Coursera website: course 2 - Sample-based Learning Methods of Reinforcement Learning Specialization

my notes on course 1 - Fundamentals of Reinforcement Learning, course 3 - Prediction and Control with Function Approximation, course 4 - A Complete Reinforcement Learning System (Capstone)

specialization roadmap - course 2 - Sample-based Learning Methods

course 2 - In Course 2, we built on these ideas and design algorithms for learning without a model of the world. We study three classes of methods designed for learning from trial and error interaction. We start with Monte Carlo methods and then move on to temporal difference learning, including Q learning. We conclude Course 2 with an investigation of methods for planning with learned models.

Week 1 - Monte-Carlo Methods for Prediction & Control

Week 2 - Temporal Difference Learning Methods for Prediction

Week 3 - Temporal Difference Learning Methods for Control

Week 4 - Planning, Learning & Acting

Course 2 - Week 1 - Monte-Carlo Methods for Prediction & Control

Module 1 Learning Objectives

Lesson 1: Introduction to Monte-Carlo Methods

  • Understand how Monte-Carlo methods can be used to estimate value functions from sampled interaction
  • Identify problems that can be solved using Monte-Carlo methods
  • Use Monte-Carlo prediction to estimate the value function for a given policy.
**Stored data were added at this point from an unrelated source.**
Lemma single_quasi_kernel j c : quasi_kernel supp vadd act (single j c).
Proof.
  split; [apply fin_supp_single|]. intros a b.
  rewrite !fam_act_single, fam_add_single.
  destruct (classic (c = zero)) as [->|Hc].
  - exists zero. rewrite fam_act_single, !mulr0. f_equal. apply (tplus0l (Hsigma j)).
  - set (s := tplus add (sigma j) (sigmainv j) (mul (rho j a) c) (mul (rho j b) c)).
    exists (rhoinv j (mul s (inv c))).
    rewrite fam_act_single, (autiK (Hrho j)), divfK by exact Hc. reflexivity.
Qed.

Lemma fin_supp_generated_by_qk : generated_by_qk supp vadd act fam0.
Proof.
  intros T _ T0 TD _ Tqk v [l Hl]. revert v Hl.
  induction l as [|j l IH]; intros v Hl.
  - replace v with fam0; [exact T0|]. extensionality i. symmetry. apply Hl. intros [].
  - set (w := fun i => if excluded_middle_informative (i = j) then zero else v i).
    assert (Ev : vadd (single j (v j)) w = v).
    { extensionality i. unfold fam_add, single, w.
      destruct (excluded_middle_informative (i = j)) as [->|].
      - rewrite tplusC. apply (tplus0l (Hsigma j)).
      - apply (tplus0l (Hsigma i)). }
    rewrite <- Ev. apply TD; [apply Tqk, single_quasi_kernel|].
    apply IH. intros i Hi. unfold w.
    destruct (excluded_middle_informative (i = j)) as [|Hij]; [reflexivity|].
    apply Hl. intros [E|E]; [exact (Hij (eq_sym E))|exact (Hi E)].
Qed.

Lemma fam_near_vector_space : is_near_vector_space mul zero one opp supp vadd act.
Proof.
  exists fam0.
  split; [exact fin_supp0|].
  split; [exact fin_supp_add|].
  split; [intros; apply fam_addA|].
  split; [intros; apply fam_addC|].
  split; [intros; apply fam_add0l|].
  split; [intros u Hu; exists (fam_opp u); split; [apply fin_supp_opp, Hu|apply fam_addNl]|].
  split; [intros; apply fin_supp_act; assumption|].
  split; [intros; apply fam_actDr|].
  split; [intros; apply fam_actM|].
  split; [intros; apply fam_act1|].
  split; [intros; apply fam_act0|].
  split; [intros; apply fam_actN1|].
  split; [intros a b u _; apply fam_act_free|].
  exact fin_supp_generated_by_qk.
Qed.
Lesson 2: Monte-Carlo for Control

  • Estimate action-value functions using Monte-Carlo
  • Understand the importance of maintaining exploration in Monte-Carlo algorithms
  • Understand how to use Monte-Carlo methods to implement a GPI algorithm
  • Apply Monte-Carlo with exploring starts to solve an MDP

Lesson 3: Exploration Methods for Monte-Carlo

  • Understand why exploring starts can be problematic in real problems
  • Describe an alternative exploration method for Monte-Carlo control

Lesson 4: Off-policy learning for prediction

  • Understand how off-policy learning can help deal with the exploration problem
  • Produce examples of target policies and examples of behavior policies
  • Understand importance sampling
  • Use importance sampling to estimate the expected value of a target distribution using samples from a different distribution
  • Understand how to use importance sampling to correct returns
  • Understand how to modify the Monte-Carlo prediction algorithm for off-policy learning.
Lesson 1: Introduction to Monte Carlo Methods

Reading Chapter 5.0-5.5 (pp. 91-104) in the Reinforcement Learning textbook

Although a model is required, the model need only generate sample transitions, not the complete probability distributions of all possible transitions that is required for dynamic programming (DP).
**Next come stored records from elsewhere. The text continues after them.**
Variables (rC : R) (l : nat) (m : Z) (G G' : R -> R).
Hypothesis HrC : 0 < rC.
Hypothesis Hfactor : legendre_cos_factor l m G G'.

(* What is left of [radial_part] after pulling out [rho ^ |m|], with [c = cos theta]. *)
Definition regular_radial_part (x y : R) : R :=
  let c := rC / sphR rC x y in
  / sphR rC x y ^ (l + 2 + Z.abs_nat m) * Ynorm l m *
  (- (INR l + 1 + INR (Z.abs_nat m)) * c * G c + (1 - c ^ 2) * G' c).

Lemma radial_part_off_axis x y : (x <> 0 \/ y <> 0) ->
  radial_part rC l m x y = sqrt (x ^ 2 + y ^ 2) ^ Z.abs_nat m * regular_radial_part x y.
Proof.
  intros Hxy; pose proof (sphTheta_bounds rC x y HrC Hxy) as Hth.
  pose proof (sphR_pos rC x y HrC) as HR.
  unfold radial_part, regular_radial_part.
  rewrite (Derive_legendre_cos l m G G'), (proj2 Hfactor), cos_sphTheta, sin_sphTheta,
    <- sphR_ratio_sqr by auto.
  set (s := sqrt (x ^ 2 + y ^ 2) / sphR rC x y).
  replace (sqrt (x ^ 2 + y ^ 2)) with (s * sphR rC x y) by (unfold s; field; lra).
  rewrite Rpow_mult_distr, !pow_add.
  destruct (Z.abs_nat m) as [|k]; simpl pred; rewrite ?S_INR; simpl; field;
    repeat split; try apply pow_nonzero; lra.
Qed.

Lemma integrand_regular x y : m <> 0%Z ->
  integrand rC l m x y
  = (regular_radial_part x y * fst (Cpow (x, y) (Z.abs_nat m)),
     IZR (Z.sgn m) * regular_radial_part x y * snd (Cpow (x, y) (Z.abs_nat m))).
Proof.
  intros Hm; rewrite integrand_polar.
  destruct (origin_or_not x y) as [[-> ->] | Hxy].
  - rewrite radial_part_on_axis by auto.
    replace (Z.abs_nat m) with (S (pred (Z.abs_nat m))) by lia.
    rewrite Cpow_S; apply injective_projections; simpl; ring.
  - rewrite radial_part_off_axis, Cpow_polar by auto.
    destruct (cos_sin_IZR_mult m (sphPhi x y)) as [Ec Es]; unfold sphPhi in *.
    rewrite Ec, Es; apply injective_projections; simpl; ring.
Qed.

Lemma continuity_2d_pt_regular_radial_part x y : continuity_2d_pt regular_radial_part x y.
Proof.
  pose proof (sphR_pos rC x y HrC) as HR.
  pose proof (sphR_ratio_bounds rC x y HrC) as Hc.
  assert (Hratio : continuity_2d_pt (fun u v => rC / sphR rC u v) x y).
  { apply continuity_2d_pt_mult; [apply continuity_2d_pt_const|].
    apply continuity_2d_pt_inv; [apply continuity_2d_pt_sphR | lra]; auto. }
  destruct (proj1 Hfactor (rC / sphR rC x y) ltac:(lra)) as [HdG HG'].
  assert (HG : continuous G (rC / sphR rC x y))
    by (apply (ex_derive_continuous (V := R_NormedModule)); eexists; exact HdG).
  unfold regular_radial_part.
  continuity_2d; auto using continuity_2d_pt_comp.
  apply continuity_2d_pt_inv; [apply continuity_2d_pt_pow, continuity_2d_pt_sphR, HrC|].
  apply pow_nonzero; lra.
Qed.

Lemma continuity_2d_pt_integrand x y : m <> 0%Z ->
  continuity_2d_pt (fun u v => fst (integrand rC l m u v)) x y /\
  continuity_2d_pt (fun u v => snd (integrand rC l m u v)) x y.
Proof.
  intros Hm; destruct (continuity_2d_pt_Cpow (Z.abs_nat m) x y) as [H1 H2].
  pose proof (continuity_2d_pt_regular_radial_part x y).
  split; eapply continuity_2d_pt_ext;
    try (intros u v; rewrite integrand_regular by exact Hm; reflexivity);
    simpl; continuity_2d; auto.
Qed.

End RegularRadialPart.

(** * The quarter turn *)

Lemma cos_sin_IZR_mult_congr m a b : cos a = cos b -> sin a = sin b ->
  cos (IZR m * a) = cos (IZR m * b) /\ sin (IZR m * a) = sin (IZR m * b).
Proof.
  intros Hc Hs.
  destruct (cos_sin_IZR_mult m a) as [-> ->], (cos_sin_IZR_mult m b) as [-> ->].
  pose proof (Cpow_cos_sin (Z.abs_nat m) a) as Ea; pose proof (Cpow_cos_sin (Z.abs_nat m) b) as Eb.
  rewrite Hc, Hs, Eb in Ea; injection Ea as -> ->; auto.
Qed.

Lemma azimuth_quarter_turn m x y : (x <> 0 \/ y <> 0) ->
  cos (IZR m * azimuth (- y) x) = cos (IZR m * azimuth x y + IZR m * (PI / 2)) /\
  sin (IZR m * azimuth (- y) x) = sin (IZR m * azimuth x y + IZR m * (PI / 2)).
Proof.
  intros Hxy; assert (Hyx : - y <> 0 \/ x <> 0) by (destruct Hxy; [right | left]; lra).
  rewrite <- Rmult_plus_distr_l; apply cos_sin_IZR_mult_congr.
  - destruct (azimuth_polar (- y) x) as [-> _]; [exact Hyx|].
    destruct (azimuth_polar x y Hxy) as [_ Hs].
    rewrite cos_plus, cos_PI2, sin_PI2, Hs.
    replace ((- y) ^ 2 + x ^ 2) with (x ^ 2 + y ^ 2) by ring; unfold Rdiv; ring.
  - destruct (azimuth_polar (- y) x) as [_ ->]; [exact Hyx|].
    destruct (azimuth_polar x y Hxy) as [Hc _].
    rewrite sin_plus, cos_PI2, sin_PI2, Hc.
    replace ((- y) ^ 2 + x ^ 2) with (x ^ 2 + y ^ 2) by ring; unfold Rdiv; ring.
Qed.

Lemma radial_part_quarter_turn rC l m x y : radial_part rC l m (- y) x = radial_part rC l m x y.
Proof.
  unfold radial_part, sphTheta.
  replace (sphR rC (- y) x) with (sphR rC x y) by (unfold sphR; f_equal; ring).
  reflexivity.
Qed.

Lemma integrand_quarter_turn rC l m x y : 0 < rC -> m <> 0%Z ->
  integrand rC l m (- y) x
  = Cmult (cos (IZR m * (PI / 2)), sin (IZR m * (PI / 2))) (integrand rC l m x y).
Proof.
  intros HrC Hm; rewrite !integrand_polar, radial_part_quarter_turn.
  destruct (origin_or_not x y) as [[-> ->] | Hxy].
  - rewrite Ropp_0, radial_part_on_axis by auto; apply injective_projections; simpl; ring.
  - unfold sphPhi; destruct (azimuth_quarter_turn m x y Hxy) as [-> ->].
    rewrite cos_plus, sin_plus; apply injective_projections; simpl; ring.
Qed.

Lemma cos_IZR_mult_PI2_neq_1 m : ~ (4 | m)%Z -> cos (IZR m * (PI / 2)) <> 1.
Proof.
  intros H4 Hcos; apply H4.
  replace (IZR m * (PI / 2)) with (2 * (IZR m * PI / 4)) in Hcos by field.
  rewrite cos_2a_sin in Hcos.
  destruct (sin_eq_0_0 (IZR m * PI / 4)) as [n Hn]; [nra|].
  exists n; apply eq_IZR; rewrite mult_IZR.
  pose proof PI_RGT_0.
  replace (IZR m) with (IZR m * PI / 4 * (4 / PI)) by (field; lra).
  rewrite Hn; simpl; field; lra.
Qed.

Lemma Cmult_fixpoint_eq0 (w v : C) : w <> 1 -> v = Cmult w v -> v = 0.
Proof.
  intros Hw Hv.
  assert (H : (1 - w <> 0)%C) by (intros E; apply Hw; rewrite <- (Cplus_0_l w), <- E; ring).
  replace v with (/ (1 - w) * (v - w * v))%C by (field; exact H).
  rewrite <- Hv; ring.
Qed.

Theorem mainTheorem5 (d rC : R) (l : nat) (m : Z) :
  0 < d -> 0 < rC -> (1 <= l)%nat ->
  (- Z.of_nat l <= m <= Z.of_nat l)%Z ->
  ~ (4 | m)%Z ->
  v_lm d rC l m = RtoC 0.
Proof.
  intros _ HrC _ Hml H4.
  assert (Hm : m <> 0%Z) by (intros ->; apply H4; exists 0%Z; lia).
  destruct (legendre_cos_factor_exists l m) as (G & G' & HG); [lia|].
  assert (Hcont : continuous_C2 (integrand rC l m))
    by (intros x y; apply (continuity_2d_pt_integrand rC l m G G'); auto).
  set (w := (cos (IZR m * (PI / 2)), sin (IZR m * (PI / 2)))).
  change (v_lm d rC l m) with (square_CInt d (integrand rC l m)).
  apply (Cmult_fixpoint_eq0 w).
  - intros E; apply (cos_IZR_mult_PI2_neq_1 m H4); injection E; auto.
  - rewrite <- square_CInt_Cmult, <- square_CInt_quarter_turn by exact Hcont.
    apply square_CInt_ext; intros x y; apply integrand_quarter_turn; auto.
Qed.
(* There exist $\varepsilon>0$, a constant $\tilde C>0$ and a constant $0<L<1$ such that for all $|u|\le1$, all $|x|\le\rho+\varepsilon$ and all $k\ge0$, $$|\Sigma_k(x,u)|\le\tilde C|u-1|L^k.$$
   Context: Let $y(x)=\sum_{n\ge1}y_nx^n$, $y_n$ the number of unlabelled rooted trees with $n$ vertices; it satisfies $y(x)=x\exp(\sum_{i\ge1}y(x^i)/i)$ and has radius of convergence $\rho\in(0,1)$ with $y(\rho)=1$. Define $y_0(x,u)=uy(x)$, $y_{k+1}(x,u)=x\exp\left(\sum_{i\ge1}y_k(x^i,u^i)/i\right)$, $w_k(x,u)=y_k(x,u)-y(x)$, and $\Sigma_k(x,u)=\sum_{i\ge2}\frac{w_k(x^i,u^i)}{i}$. *)

From Stdlib Require Import Reals List Arith.
From Coquelicot Require Import Coquelicot.
Import ListNotations.
Open Scope R_scope.

(* ---- number of unlabelled rooted trees with n vertices (OEIS A000081) ----
   computed by the classical recurrence (Cayley/Otter):
   y_1 = 1,  n * y_(n+1) = sum_(k=1..n) (sum_(d | k) d * y_d) * y_(n-k+1). *)
Definition divsum (l : list nat) (k : nat) : nat :=
  (fold_right Nat.add 0
    (map (fun d => if Nat.eqb (Nat.modulo k d) 0 then d * nth d l 0 else 0)
         (seq 1 k)))%nat.

(* given l = [y_0; ...; y_(N-1)], compute y_N *)
Definition next_count (l : list nat) : nat :=
  let N := length l in
  (match N with
  | 0 => 0
  | 1 => 1
  | S n =>
      Nat.div
        (fold_right Nat.add 0
           (map (fun k => divsum l k * nth (n - k + 1) l 0) (seq 1 n)))
        n
  end)%nat.

Fixpoint count_list (n : nat) : list nat :=
  match n with
  | 0 => [0%nat]
  | S m => let l := count_list m in l ++ [next_count l]
  end.

Definition tree_count (n : nat) : nat := nth n (count_list n) 0%nat.

Definition Cexp (z : C) : C :=
  (exp (Re z) * cos (Im z), exp (Re z) * sin (Im z)).

(* value of the complex series sum_(n>=0) a n (real and imaginary parts
   summed separately; agrees with the true sum whenever it converges) *)
Definition csum (a : nat -> C) : C :=
  (Series (fun n => Re (a n)), Series (fun n => Im (a n))).

Definition ytree (x : C) : C :=
  csum (fun n => Cmult (RtoC (INR (tree_count n))) (Cpow x n)).

Definition rho : R := real (CV_radius (fun n => INR (tree_count n))).

Fixpoint yk (k : nat) : C -> C -> C :=
  match k with
  | 0 => fun x u => Cmult u (ytree x)
  | S k' => fun x u =>
      Cmult x (Cexp (csum (fun j =>
        Cdiv (yk k' (Cpow x (S j)) (Cpow u (S j))) (RtoC (INR (S j))))))
  end.

Definition wk (k : nat) (x u : C) : C := Cminus (yk k x u) (ytree x).

Definition Sigmak (k : nat) (x u : C) : C :=
  csum (fun j =>
    Cdiv (wk k (Cpow x (S (S j))) (Cpow u (S (S j)))) (RtoC (INR (S (S j))))).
Video What is Monte Carlo by Martha

By the end of this video you will be able to understand how Monte Carlo methods can be used to estimate value functions from sampled interaction and identify problems that can be solved using Monte Carlo methods.

Video Using Monte Carlo for Prediction by Martha

By the end of this video, you will be able to use Monte Carlo prediction to estimate the value function for a given policy.

Lesson 2: Monte Carlo for Control

Video Using Monte Carlo for Action Values by Adam

By the end of this video, you’ll be able to estimate action-value functions using Monte Carlo and understand the importance of maintaining exploration in Monte Carlo algorithms.

Video Using Monte Carlo methods for generalized policy iteration by Adam

By the end of this video, you will understand how to use Monte Carlo methods to implement a generalized policy iteration GPI algorithm.

Video Solving the BlackJack Example by Adam

By the end of this video, you’ll be able to apply Monte Carlo with Exploring Starts to solve an example MDP.

Lesson 3: Exploration Methods for Monte Carlo

Video Epsilon-soft policies by Adam

By the end of this video you will understand why exploring starts can be problematic in real problems and you will be able to describe an alternative expiration method to maintain exploration in Monte Carlo control.

Lesson 4: Off-policy Learning for Prediction

Video Why does off-policy learning matter? by Martha

By the end of this video you will be able to understand how off policy learning can help deal with the expiration problem. You will also be able to produce examples of Target policies and examples of behavior policies.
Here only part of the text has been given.